India has made substantial gains in health and education outcomes in the past few decades. From 1991 to 2013, life expectancy at birth increased by more than seven years, the infant mortality rate fell by half, the share of births in health facilities more than tripled, the maternal mortality ratio fell by about 60 pc, and the total fertility rate fell to almost replacement level. The education system also expanded rapidly, leading to gross enrolment ratios of 100 and 95 in primary and upper-primary classes respectively (NUEPA 2015).

Do you actually think that capitalism in its current form is doing more harm than good? If yes, then how?

The reason why many people live in poverty in rich countries, as well as poor countries, is inequality. Capitalism’s great engine of growth has also become one of great inequality. A survey conducted by Edelman delineated that 56 pc of those surveyed thought that capitalism was doing more harm than good “despite another year of solid economic growth and near-full employment in many developed countries”. (Economic Times, 2020).

Billionaires are a sign of economic failure, not success. So much wealth held in so few hands is damaging our economies and fracturing our societies. No wonder people are starting to question whether billionaires should even exist.

A healthy market economy is key to tackling poverty and inequality but we don’t have that. We have an extreme form of capitalism that only works for those at the top. Yet governments are not helpless in the face of technological change and market forces. They need to start managing our economies so that they work for everyone and not just the fortunate few.

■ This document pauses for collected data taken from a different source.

(* Let $\Sigma$ be a flag complex on the vertex set $[n]$ and let $\ell$ be a positive integer. Let $\Delta$ and $\Delta'$ be the simplicial complexes (collections of subsets of $[n]$ closed under taking subsets) whose Stanley–Reisner ideals are $I_\Delta=I(\overline{\mathrm{skel}_\Sigma(\ell)})$ and $I_{\Delta'}=I(\overline{\mathrm{skel}_\Sigma(1)})$. Then $\Delta^\vee=\mathrm{skel}_{(\Delta')^\vee}(n-\ell-2)$.
   Context: $S=K[x_1,\ldots,x_n]$, $x_F=\prod_{i\in F}x_i$. For a simplicial complex $\Gamma$, the Stanley–Reisner ideal $I_\Gamma$ is generated by all $x_F$ with $F\notin\Gamma$, and the facet ideal $I(\Gamma)$ is generated by the $x_F$ with $F$ a facet (maximal face) of $\Gamma$. $\Sigma$ is flag if all its minimal nonfaces have exactly two elements (the full simplex is also considered flag). $\mathrm{skel}_\Gamma(i)$ is the complex whose facets are the $i$-dimensional faces of $\Gamma$ (dimension of $F$ is $|F|-1$). For $k\ge1$, $\overline{\mathrm{skel}_\Sigma(k)}$ is the complex whose facets are the $(k+1)$-element subsets of $[n]$ not belonging to $\Sigma$; thus $I(\overline{\mathrm{skel}_\Sigma(k)})$ is generated by $x_F$ for $F\subseteq[n]$, $|F|=k+1$, $F\notin\Sigma$. The Alexander dual is $\Gamma^\vee=\{[n]\setminus F: F\subseteq[n],\ F\notin\Gamma\}$. *)

From HB Require Import structures.
From mathcomp Require Import all_boot all_order all_algebra.
Set Implicit Arguments. Unset Strict Implicit. Unset Printing Implicit Defensive.
Import GRing.Theory Num.Theory.

Section Defs.
Variable T : finType.

Definition is_complex (K : {set {set T}}) : Prop :=
  forall A B : {set T}, B \subset A -> A \in K -> B \in K.

Definition min_nonface (K : {set {set T}}) (F : {set T}) : Prop :=
  F \notin K /\ (forall G : {set T}, G \proper F -> G \in K).

Definition flag (K : {set {set T}}) : Prop :=
  forall F : {set T}, min_nonface K F -> #|F| = 2.

(* A squarefree monomial ideal generated by the monomials x_F (F in S) is
   encoded by the set of supports A of the squarefree monomials x_A it
   contains: x_A lies in the ideal iff x_F divides x_A for some F in S.
   Two ideals generated by squarefree monomials are equal iff they contain the
   same squarefree monomials. *)
Definition mono_ideal (S : {set {set T}}) : {set {set T}} :=
  [set A : {set T} | [exists F in S, F \subset A]].

Definition SR_ideal (K : {set {set T}}) : {set {set T}} :=
  mono_ideal [set F : {set T} | F \notin K].

Definition facets (K : {set {set T}}) : {set {set T}} :=
  [set F in K | [forall G in K, (F \subset G) ==> (G == F)]].

Definition facet_ideal (K : {set {set T}}) : {set {set T}} :=
  mono_ideal (facets K).

(* skel_K(i): the complex whose facets are the i-dimensional faces of K
   (dimension of F is |F|-1); i is an integer *)
Definition skel (K : {set {set T}}) (i : int) : {set {set T}} :=
  [set A : {set T} | [exists F in K, ((#|F|%:Z == i + 1)%R && (A \subset F))]].

(* \overline{skel_S(k)}: the complex whose facets are the (k+1)-subsets
   of the ground set not belonging to S *)
Definition cskel (S : {set {set T}}) (k : nat) : {set {set T}} :=
  [set A : {set T} | [exists F : {set T}, [&& #|F| == k.+1, F \notin S & A \subset F]]].

Definition alex_dual (K : {set {set T}}) : {set {set T}} :=
  [set ~: F | F in [set F : {set T} | F \notin K]].

End Defs.

(* If Sigma is flag, the complex Delta' cut out by the missing edges of Sigma
   is Sigma itself, while Delta consists of the sets containing no
   (l+1)-subset outside Sigma.  Hence the complements of the non-faces of
   Delta are exactly the subsets of the complements of the (l+1)-element
   non-faces of Sigma; these complements have n-l-1 elements, and they are the
   (n-l-2)-dimensional faces of the Alexander dual of Sigma. *)
From mathcomp Require Import all_boot all_order all_algebra.
From mathcomp Require Import zify.
Import GRing.Theory Num.Theory.

Section Complexes.
Context {T : finType}.
Implicit Types (K S : {set {set T}}) (A F : {set T}).

Definition nonfaces_of_card S (k : nat) : {set {set T}} :=
  [set F : {set T} | (#|F| == k) && (F \notin S)].

Lemma SR_idealE K : is_complex K -> SR_ideal K = ~: K.
Proof.
move=> cK; apply/setP => A; rewrite !inE; apply/existsP/idP.
- by case=> F /andP[]; rewrite inE => FK FA; apply: contra FK; apply: cK.
- by move=> AK; exists A; rewrite inE AK subxx.
Qed.

Lemma facets_cskel S k : facets (cskel S k) = nonfaces_of_card S k.+1.
Proof.
have nonface_in_cskel F : #|F| == k.+1 -> F \notin S -> F \in cskel S k.
  by move=> cF FS; rewrite inE; apply/existsP; exists F; rewrite cF FS subxx.
apply/setP => F; rewrite !inE; apply/andP/andP.
- case=> /existsP[H /and3P[cH HS FH]] /forallP /(_ H).
  by rewrite nonface_in_cskel //= FH => /eqP <-.
- case=> cF FS; split; first by move: (nonface_in_cskel F cF FS); rewrite inE.
  apply/forallP => G; rewrite inE; apply/implyP => /existsP[H /and3P[cH _ GH]].
  apply/implyP => FG; rewrite eq_sym eqEcard FG.
  by rewrite (eqP cF) -(eqP cH) subset_leq_card.
Qed.

Lemma complex_of_SR_facet_cskel K S k : is_complex K ->
  SR_ideal K = facet_ideal (cskel S k) ->
  K = ~: mono_ideal (nonfaces_of_card S k.+1).
Proof.
by move=> cK EK; rewrite -facets_cskel -[K]setCK -(SR_idealE _ cK) EK.
Qed.

Lemma min_nonface_sub S F : F \notin S ->
  exists2 E, min_nonface S E & E \subset F.
Proof.
move=> FS; pose P (E : {set T}) := (E \subset F) && (E \notin S).
have PF : P F by rewrite /P subxx FS.
case: (@arg_minnP _ F P (fun E => #|E|) PF) => E /andP[EF ES] Emin.
exists E => //; split => // G GE; apply/negPn/negP => GS.
have := Emin G; rewrite /P (subset_trans (proper_sub GE) EF) GS => /(_ isT).
by rewrite leqNgt proper_card.
Qed.

(* A flag complex is the clique complex of its graph. *)
Lemma flag_complexE S : is_complex S -> flag S ->
  ~: mono_ideal (nonfaces_of_card S 2) = S.
Proof.
move=> cS fS; apply/setP => A; rewrite !inE; apply/idP/idP.
- apply: contraR => /min_nonface_sub[E minE EA].
  by apply/existsP; exists E; rewrite !inE EA fS // (proj1 minE).
- move=> AS; apply/existsP => -[F]; rewrite !inE => /andP[/andP[_ FS] FA].
  by move: FS; rewrite (cS A F FA AS).
Qed.

Lemma mem_alex_dual K A : (A \in alex_dual K) = (~: A \notin K).
Proof.
apply/imsetP/idP.
- by case=> F; rewrite inE => FK ->; rewrite setCK.
- by move=> AK; exists (~: A); rewrite ?inE ?setCK.
Qed.

Lemma alex_dual_compl_mono_ideal S :
  alex_dual (~: mono_ideal S) = [set A : {set T} | [exists F in S, A \subset ~: F]].
Proof.
apply/setP => A; rewrite mem_alex_dual !inE negbK.
by apply: eq_existsb => F; rewrite subsetC.
Qed.

End Complexes.

Lemma skel_alex_dual n (S : {set {set 'I_n}}) k :
  skel (alex_dual S) (n%:Z - k%:Z - 1)%R =
  [set A : {set 'I_n} | [exists F in nonfaces_of_card S k, A \subset ~: F]].
Proof.
have cardC (X : {set 'I_n}) : #|~: X| = (n - #|X|)%N.
  by rewrite cardsCs card_ord setCK.
have cardX (X : {set 'I_n}) : (#|X| <= n)%N.
  by apply: leq_trans (max_card X) _; rewrite card_ord.
apply/setP => A; rewrite !inE; apply/existsP/existsP.
- case=> G /and3P[]; rewrite mem_alex_dual => GS cG AG.
  exists (~: G); rewrite !inE setCK GS AG andbT.
  by have := cardX G; move: cG; rewrite cardC => /eqP; lia.
- case=> F; rewrite !inE => /andP[/andP[cF FS] AF].
  exists (~: F); rewrite mem_alex_dual setCK FS AF cardC.
  by have := cardX F; move: cF => /eqP; lia.
Qed.

Theorem proposition1p3 (n l : nat) (Sigma Delta Delta' : {set {set 'I_n}}) :
  is_complex Sigma -> flag Sigma -> (0 < l)%N ->
  is_complex Delta -> is_complex Delta' ->
  SR_ideal Delta = facet_ideal (cskel Sigma l) ->
  SR_ideal Delta' = facet_ideal (cskel Sigma 1) ->
  alex_dual Delta = skel (alex_dual Delta') (n%:Z - l%:Z - 2)%R.
Proof.
move=> cS fS _ cD cD' ED ED'.
rewrite (complex_of_SR_facet_cskel _ _ _ cD ED)
  (complex_of_SR_facet_cskel _ _ _ cD' ED').
rewrite flag_complexE // alex_dual_compl_mono_ideal.
have -> : (n%:Z - l%:Z - 2 = n%:Z - l.+1%:Z - 1)%R by lia.
by rewrite skel_alex_dual.
Qed.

The labour force participation rate of Indian women is very low compared to other Asian countries. What is the major reason behind this?

The urban labour force participation rate has remained largely stagnant, sliding marginally from 20.5 pc in 2011-12 to 20.4 pc in 2017-18. It is nonetheless low by global standards. The top two sectors employing women in urban centres in India are the textiles and domestic work sectors. Such work is not commensurate with the advanced educational levels that many women have achieved. In effect, there are no decent, appropriate jobs for educated women to engage in. This is why unemployment rates are highest among women with advanced education in India.

In contrast to the urban scenario, there is a decline in workforce participation for rural women – from 35.8 pc to 24.6 pc over the same period. In rural India, the falling female participation is largely due to the income effect. With rising incomes, a woman no longer prefers to work as an unpaid worker or a casual labourer. However, the limited opportunities as well as the dearth of low-skill jobs in the non-farm sector, women are unable to find jobs that would match their preference and have, thus, withdrawn from the workforce (Sanghi, Srija and Vijay, 2015).